# DESCRIPTION OF THE TASK:
From the entries below, retype only the lines from the one with "- \sum_(j in S) cS S (qRS q Rc S) * q i j" through the one with "w_mul_nondecr : forall", exactly as written.

START RECORDS

(* Let $(N,M,W,C,P,\infty)$ be an MRS-situation with unbounded production and $(N,M,v)$ the corresponding MRS-game. Then the set $M^o$ of optimal suppliers satisfies $|M^o|\ge 1$.
   Context: An MRS-situation $(N,M,W,C,P,\overline{Q})$ consists of a finite set $N$ of retailers and a finite set $M$ of suppliers (distinct agents), and: for each $j\in M$ a unit production cost $c_j:[0,\infty)\to(0,\infty)$, decreasing and continuous with $c_j(q)q$ nondecreasing, and a wholesale price $w_j:[0,\infty)\to(0,\infty)$, nonincreasing and continuous, with $w_j(q)>c_j(q)$ for all $q\ge0$ and $w_j(q)q$ nondecreasing; for each $i\in N$ a selling price $p_i:[0,\infty)\to\mathbb{R}$, nonincreasing and continuous, with $p_i(0)>w_j(0)$ for all $j$, and $q_i^*>0$ with $p_i(q_i^* )=0$; and capacities $\overline{q}_{ij}\in(0,\infty)$. The situation has unbounded production, written $(N,M,W,C,P,\infty)$, if $\overline{q}_{ij}=K$ for all $i,j$ with $K$ large enough that the capacities do not affect optimal solutions (e.g. $K\ge\max_{i\in N}q_i^*$, so capacity constraints are implied by $q_{iM}\le q_i^*$). For an order matrix $q=(q_{ij})_{i\in R,j\in M}\ge0$: $q_{Rj}=\sum_{i\in R}q_{ij}$, $q_{iM}=\sum_{j}q_{ij}$, $q_{RS}=\sum_{j\in S}\sum_{i\in R}q_{ij}$, $q_i=(q_{ij})_j$, $q_R=(q_{Rj})_j$; $c_S(x)=\min_{j\in S}c_j(x)$. For $i\in R$: $\Pi_i(q_i,\Psi^S(q_R))=p_i(q_{iM})q_{iM}-\sum_{j\in S}c_S(q_{RS})q_{ij}-\sum_{j\in M\setminus S}w_j(q_{Rj})q_{ij}$. $\mathbb{Q}^R=\{q\in\mathbb{R}_+^{R\times M}: q_{iM}\le q_i^*,\ q_{ij}\le\overline{q}_{ij}\}$; $q^{(R,S)}$ is an optimal solution of $\max\{\sum_{i\in R}\Pi_i(q_i,\Psi^S(q_R)):q\in\mathbb{Q}^R\}$. MRS-game: $v(R,S)=\sum_{i\in R}\Pi_i(q_i^{(R,S)},\Psi^S(q_R^{(R,S)}))$ for $\emptyset\ne R\subseteq N$, $S\subseteq M$, $v(\emptyset,S)=0$. A supplier $j\in M$ is optimal if $v(N,M)=v(N,\{j\})$; $M^o$ is the set of optimal suppliers. *)

From HB Require Import structures.
From mathcomp Require Import all_boot all_order all_algebra.
From mathcomp Require Import all_classical all_reals all_analysis.
Set Implicit Arguments. Unset Strict Implicit. Unset Printing Implicit Defensive.
Import Order.TTheory GRing.Theory Num.Theory numFieldNormedType.Exports.
Local Open Scope classical_set_scope.
Local Open Scope ring_scope.

Section MRS.
Variables (R : realType) (I J : finType).
(* I = retailers N, J = suppliers M (both as finite types; coalitions are
   finite subsets). *)
Variables (c w : J -> R -> R) (p : I -> R -> R) (qstar : I -> R)
          (qbar : I -> J -> R).

(* c_S(x) = min_{j in S} c_j(x)  (only used when S is nonempty) *)
Definition cS (S : {set J}) (x : R) : R :=
  if [pick j in S] is Some j0 then \big[Order.min/c j0 x]_(j in S) c j x
  else 0.

Definition qiM (q : I -> J -> R) (i : I) : R := \sum_j q i j.
Definition qRj (q : I -> J -> R) (Rc : {set I}) (j : J) : R :=
  \sum_(i in Rc) q i j.
Definition qRS (q : I -> J -> R) (Rc : {set I}) (S : {set J}) : R :=
  \sum_(j in S) \sum_(i in Rc) q i j.

Definition Pi (Rc : {set I}) (S : {set J}) (q : I -> J -> R) (i : I) : R :=
  p i (qiM q i) * qiM q i
  - \sum_(j in S) cS S (qRS q Rc S) * q i j
  - \sum_(j in ~: S) w j (qRj q Rc j) * q i j.

(* Q^R : feasible order matrices for coalition R (entries outside R are
   irrelevant to the objective). *)
Definition feasible (Rc : {set I}) (q : I -> J -> R) : Prop :=
  forall i, i \in Rc ->
    qiM q i <= qstar i /\ forall j, 0 <= q i j /\ q i j <= qbar i j.

Definition total_profit (Rc : {set I}) (S : {set J}) (q : I -> J -> R) : R :=
  \sum_(i in Rc) Pi Rc S q i.

Definition v (Rc : {set I}) (S : {set J}) : R :=
  if (#|Rc| == 0)%N then 0
  else sup [set total_profit Rc S q | q in feasible Rc].

Definition optimal_suppliers : {set J} :=
  [set j | v [set: I] [set: J] == v [set: I] [set j]].

End MRS.

Definition nonneg {R : realType} : set R := [set x | 0 <= x].

Record MRS_situation {R : realType} {I J : finType}
  (c w : J -> R -> R) (p : I -> R -> R) (qstar : I -> R)
  (qbar : I -> J -> R) : Prop := {
  c_pos : forall j x, 0 <= x -> 0 < c j x;
  c_decr : forall j x y, 0 <= x -> x < y -> c j y < c j x;
  c_cont : forall j, {within (@nonneg R), continuous (c j : R -> R)};
  c_mul_nondecr : forall j x y, 0 <= x -> x <= y -> c j x * x <= c j y * y;
  w_pos : forall j x, 0 <= x -> 0 < w j x;
  w_nonincr : forall j x y, 0 <= x -> x <= y -> w j y <= w j x;
  w_cont : forall j, {within (@nonneg R), continuous (w j : R -> R)};
  w_gt_c : forall j x, 0 <= x -> c j x < w j x;
  w_mul_nondecr : forall j x y, 0 <= x -> x <= y -> w j x * x <= w j y * y;
  p_nonincr : forall i x y, 0 <= x -> x <= y -> p i y <= p i x;
  p_cont : forall i, {within (@nonneg R), continuous (p i : R -> R)};
  p0_gt_w0 : forall i j, w j 0 < p i 0;
  qstar_pos : forall i, 0 < qstar i;
  p_qstar : forall i, p i (qstar i) = 0;
  qbar_pos : forall i j, 0 < qbar i j
}.

Definition unbounded_production {R : realType} {I J : finType}
  (qstar : I -> R) (qbar : I -> J -> R) (K : R) : Prop :=
  (forall i j, qbar i j = K) /\ (forall i, qstar i <= K).

From mathcomp Require Import all_boot all_order all_algebra.
From mathcomp Require Import all_classical all_reals all_analysis.
Set Implicit Arguments. Unset Strict Implicit. Unset Printing Implicit Defensive.
Import Order.TTheory GRing.Theory Num.Theory.
Local Open Scope ring_scope.

(* When all suppliers cooperate, every unit is paid at c_M(X), the cheapest
   production cost at the total quantity X.  Any single supplier j charges at
   least that much per unit (its own cost c_j, or a wholesale price w_k > c_k,
   both evaluated at quantities at most X), so v(N,{j}) <= v(N,M).  Conversely,
   if k attains c_M(X), shifting every order to k keeps the profit unchanged
   under the coalition {k}, and the shifted orders are feasible because the
   capacities are unbounded; hence v(N,M) <= max_k v(N,{k}), and a supplier
   maximising v(N,{k}) is optimal. *)

Section MRSGame.
Variables (R : realType) (I J : finType).
Variables (c w : J -> R -> R) (p : I -> R -> R) (qstar : I -> R)
          (qbar : I -> J -> R).
Hypothesis mrs : MRS_situation c w p qstar qbar.

Lemma c_nonincr j x y : 0 <= x -> x <= y -> c j y <= c j x.
Proof.
move=> x_ge0; rewrite le_eqVlt => /predU1P [-> //|lt_xy].
exact/ltW/(c_decr mrs).
Qed.

Lemma cS_le (S : {set J}) j x : j \in S -> cS c S x <= c j x.
Proof.
move=> jS; rewrite /cS; case: pickP => [j0 _|/(_ j)]; last by rewrite jS.
exact: bigmin_le_cond.
Qed.

Lemma cS_attained (S : {set J}) j x :
  j \in S -> exists2 k, k \in S & cS c S x = c k x.
Proof.
move=> jS; rewrite /cS; case: pickP => [j0 j0S|/(_ j)]; last by rewrite jS.
apply: (big_ind (fun y => exists2 k, k \in S & y = c k x)); first by exists j0.
  by move=> _ _ [a aS ->] [b bS ->]; case: leP => _; [exists a | exists b].
by move=> k kS; exists k.
Qed.

Lemma cS_set1 j x : cS c [set j] x = c j x.
Proof. by have [k] := cS_attained x (set11 j); rewrite inE => /eqP ->. Qed.

Lemma cS_ge0 (S : {set J}) x : 0 <= x -> 0 <= cS c S x.
Proof.
move=> x_ge0; have [->|[j jS]] := set_0Vmem S.
  by rewrite /cS; case: pickP => [j|//]; rewrite inE.
by have [k _ ->] := cS_attained x jS; exact/ltW/(c_pos mrs).
Qed.

Section Quantities.
Variables (Rc : {set I}) (q : I -> J -> R).
Hypothesis fq : feasible qstar qbar Rc q.

Lemma feasible_ge0 i j : i \in Rc -> 0 <= q i j.
Proof. by case/fq=> _ /(_ j) []. Qed.

Lemma qiM_ge0 i : i \in Rc -> 0 <= qiM q i.
Proof. by move=> iRc; apply: sumr_ge0 => j _; exact: feasible_ge0. Qed.

Lemma qRj_ge0 j : 0 <= qRj q Rc j.
Proof. by apply: sumr_ge0 => i; exact: feasible_ge0. Qed.

Lemma qRS_ge0 (S : {set J}) : 0 <= qRS q Rc S.
Proof. by apply: sumr_ge0 => j _; exact: qRj_ge0. Qed.

Lemma qRj_le_qRS (S : {set J}) j : j \in S -> qRj q Rc j <= qRS q Rc S.
Proof.
by move=> jS; rewrite /qRS (bigD1 j) //= lerDl; apply: sumr_ge0 => k _; exact: qRj_ge0.
Qed.

Lemma qRS_le_setT (S : {set J}) : qRS q Rc S <= qRS q Rc [set: J].
Proof.
rewrite [leRHS](big_setID S) /= finset.setTI lerDl.
by apply: sumr_ge0 => j _; exact: qRj_ge0.
Qed.

End Quantities.

Lemma feasible_zero Rc : feasible qstar qbar Rc (fun _ _ => 0).
Proof.
move=> i _; split; first by rewrite /qiM big1 //; exact/ltW/(qstar_pos mrs).
by move=> j; rewrite lexx; split=> //; exact/ltW/(qbar_pos mrs).
Qed.

Definition unit_price (Rc : {set I}) (S : {set J}) (q : I -> J -> R) j : R :=
  if j \in S then cS c S (qRS q Rc S) else w j (qRj q Rc j).

Lemma Pi_unit_price Rc S q i :
  Pi c w p Rc S q i = p i (qiM q i) * qiM q i - \sum_j unit_price Rc S q j * q i j.
Proof.
rewrite /Pi [in RHS](bigID (mem S)) /= opprD addrA; congr (_ - _ - _).
  by apply: eq_bigr => j jS; rewrite /unit_price jS.
apply: eq_big => [j|j]; first by rewrite inE.
by rewrite inE => /negbTE jS; rewrite /unit_price jS.
Qed.

Lemma unit_price_ge0 Rc S q j :
  feasible qstar qbar Rc q -> 0 <= unit_price Rc S q j.
Proof.
move=> fq; rewrite /unit_price; case: ifP => _.
  exact/cS_ge0/qRS_ge0.
exact/ltW/(w_pos mrs)/qRj_ge0.
Qed.

Lemma unit_price_setT_le Rc S q j :
  feasible qstar qbar Rc q -> unit_price Rc [set: J] q j <= unit_price Rc S q j.
Proof.
move=> fq; rewrite /unit_price finset.in_setT; case: ifP => jS.
  have [k kS ->] := cS_attained (qRS q Rc S) jS.
  apply: le_trans (cS_le _ (finset.in_setT k)) _.
  exact/c_nonincr/qRS_le_setT/fq/qRS_ge0.
apply: le_trans (cS_le _ (finset.in_setT j)) _.
apply: le_trans (c_nonincr j (qRj_ge0 fq j) (qRj_le_qRS fq (finset.in_setT j))) _.
exact/ltW/(w_gt_c mrs)/qRj_ge0.
Qed.

Lemma revenue_le i x : 0 <= x -> x <= qstar i -> p i x * x <= p i 0 * qstar i.
Proof.
move=> x_ge0 x_le; have p_ge0 : 0 <= p i x.
  by rewrite -(p_qstar mrs i); exact: (p_nonincr mrs).
by apply: ler_pM => //; exact: (p_nonincr mrs).
Qed.

Lemma total_profit_le_revenue Rc S q : feasible qstar qbar Rc q ->
  total_profit c w p Rc S q <= \sum_(i in Rc) p i 0 * qstar i.
Proof.
move=> fq; apply: ler_sum => i iRc; have [qiM_le _] := fq i iRc.
rewrite Pi_unit_price; apply: le_trans (revenue_le (qiM_ge0 fq iRc) qiM_le).
by rewrite gerBl sumr_ge0 // => j _; rewrite mulr_ge0 ?unit_price_ge0 ?(feasible_ge0 fq).
Qed.

Lemma total_profit_le_setT Rc S q : feasible qstar qbar Rc q ->
  total_profit c w p Rc S q <= total_profit c w p Rc [set: J] q.
Proof.
move=> fq; apply: ler_sum => i iRc; rewrite !Pi_unit_price lerB // ler_sum // => j _.
by rewrite ler_wpM2r ?(feasible_ge0 fq) ?unit_price_setT_le.
Qed.

Lemma total_profit_le_v Rc S q : feasible qstar qbar Rc q ->
  total_profit c w p Rc S q <= v c w p qstar qbar Rc S.
Proof.
move=> fq; rewrite /v; case: eqP => [/eqP|_].
  by rewrite cards_eq0 => /eqP ->; rewrite /total_profit big_set0.
apply: ub_le_sup; last by exists q.
by exists (\sum_(i in Rc) p i 0 * qstar i) => _ [q' fq' <-]; exact: total_profit_le_revenue.
Qed.

Lemma v_le Rc S m :
  (forall q, feasible qstar qbar Rc q -> total_profit c w p Rc S q <= m) ->
  v c w p qstar qbar Rc S <= m.
Proof.
move=> profit_le; rewrite /v; case: eqP => [/eqP|_].
  rewrite cards_eq0 => /eqP Rc0; have := profit_le _ (@feasible_zero Rc).
  by rewrite /total_profit Rc0 big_set0.
apply: ge_sup => [|_ [q fq <-]]; last exact: profit_le.
by exists (total_profit c w p Rc S (fun _ _ => 0)), (fun _ _ => 0); first exact: feasible_zero.
Qed.

Lemma v_le_setT Rc S : v c w p qstar qbar Rc S <= v c w p qstar qbar Rc [set: J].
Proof.
apply: v_le => q fq.
exact: le_trans (total_profit_le_setT S fq) (total_profit_le_v _ fq).
Qed.

Definition reroute (q : I -> J -> R) (k : J) : I -> J -> R :=
  fun i j => if j == k then qiM q i else 0.

Lemma qiM_reroute q k i : qiM (reroute q k) i = qiM q i.
Proof.
by rewrite /qiM (bigD1 k) //= /reroute eqxx big1 ?addr0 // => j /negbTE ->.
Qed.

Lemma qRS_reroute q k Rc : qRS (reroute q k) Rc [set k] = qRS q Rc [set: J].
Proof.
rewrite /qRS big_set1 exchange_big /=; apply: eq_bigr => i _.
by rewrite /reroute eqxx /qiM; apply: eq_bigl => j; rewrite finset.in_setT.
Qed.

Lemma feasible_reroute Rc q k : (forall i, qstar i <= qbar i k) ->
  feasible qstar qbar Rc q -> feasible qstar qbar Rc (reroute q k).
Proof.
move=> qstar_le fq i iRc; have [qiM_le _] := fq i iRc.
rewrite qiM_reroute; split=> // j; rewrite /reroute.
case: eqP => [->|_]; split.
- apply: (qiM_ge0 fq iRc).
- exact: le_trans qiM_le (qstar_le i).
- exact: lexx.
- exact/ltW/(qbar_pos mrs).
Qed.

Lemma total_profit_reroute Rc q k :
  cS c [set: J] (qRS q Rc [set: J]) = c k (qRS q Rc [set: J]) ->
  total_profit c w p Rc [set k] (reroute q k) = total_profit c w p Rc [set: J] q.
Proof.
move=> k_cheapest; apply: eq_bigr => i _; rewrite !Pi_unit_price qiM_reroute.
congr (_ - _); rewrite (bigD1 k) //= big1 ?addr0; last first.
  by move=> j /negbTE jk; rewrite /reroute jk mulr0.
rewrite /unit_price set11 cS_set1 qRS_reroute /reroute eqxx -k_cheapest.
by rewrite /qiM mulr_sumr; apply: eq_bigr => j _; rewrite finset.in_setT.
Qed.

Lemma v_setT_le Rc (j0 : J) m : (forall i k, qstar i <= qbar i k) ->
  (forall k, v c w p qstar qbar Rc [set k] <= m) ->
  v c w p qstar qbar Rc [set: J] <= m.
Proof.
move=> qstar_le v1_le; apply: v_le => q fq.
have [k _ k_cheapest] := cS_attained (qRS q Rc [set: J]) (finset.in_setT j0).
rewrite -(total_profit_reroute k_cheapest); apply: le_trans (v1_le k).
exact/total_profit_le_v/feasible_reroute.
Qed.

End MRSGame.

Theorem lemma3 (R : realType) (I J : finType)
  (c w : J -> R -> R) (p : I -> R -> R) (qstar : I -> R)
  (qbar : I -> J -> R) (K : R) :
  MRS_situation c w p qstar qbar ->
  unbounded_production qstar qbar K ->
  (0 < #|J|)%N ->
  (1 <= #|optimal_suppliers c w p qstar qbar|)%N.
Proof.
move=> mrs [qbarK qstar_leK] /card_gt0P [j0 _].
have qstar_le_qbar i k : qstar i <= qbar i k by rewrite qbarK qstar_leK.
pose v1 k := v c w p qstar qbar [set: I] [set k].
have [jm _ jm_max] := @arg_maxP _ _ J j0 xpredT v1 isT.
apply/card_gt0P; exists jm; rewrite inE; apply/eqP/le_anti.
rewrite v_le_setT // andbT; apply: v_setT_le => // k.
exact: jm_max.
Qed.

END RECORDS

# RESULT OF THE TASK:
  - \sum_(j in S) cS S (qRS q Rc S) * q i j
  - \sum_(j in ~: S) w j (qRj q Rc j) * q i j.

(* Q^R : feasible order matrices for coalition R (entries outside R are
   irrelevant to the objective). *)
Definition feasible (Rc : {set I}) (q : I -> J -> R) : Prop :=
  forall i, i \in Rc ->
    qiM q i <= qstar i /\ forall j, 0 <= q i j /\ q i j <= qbar i j.

Definition total_profit (Rc : {set I}) (S : {set J}) (q : I -> J -> R) : R :=
  \sum_(i in Rc) Pi Rc S q i.

Definition v (Rc : {set I}) (S : {set J}) : R :=
  if (#|Rc| == 0)%N then 0
  else sup [set total_profit Rc S q | q in feasible Rc].

Definition optimal_suppliers : {set J} :=
  [set j | v [set: I] [set: J] == v [set: I] [set j]].

End MRS.

Definition nonneg {R : realType} : set R := [set x | 0 <= x].

Record MRS_situation {R : realType} {I J : finType}
  (c w : J -> R -> R) (p : I -> R -> R) (qstar : I -> R)
  (qbar : I -> J -> R) : Prop := {
  c_pos : forall j x, 0 <= x -> 0 < c j x;
  c_decr : forall j x y, 0 <= x -> x < y -> c j y < c j x;
  c_cont : forall j, {within (@nonneg R), continuous (c j : R -> R)};
  c_mul_nondecr : forall j x y, 0 <= x -> x <= y -> c j x * x <= c j y * y;
  w_pos : forall j x, 0 <= x -> 0 < w j x;
  w_nonincr : forall j x y, 0 <= x -> x <= y -> w j y <= w j x;
  w_cont : forall j, {within (@nonneg R), continuous (w j : R -> R)};
  w_gt_c : forall j x, 0 <= x -> c j x < w j x;
  w_mul_nondecr : forall j x y, 0 <= x -> x <= y -> w j x * x <= w j y * y;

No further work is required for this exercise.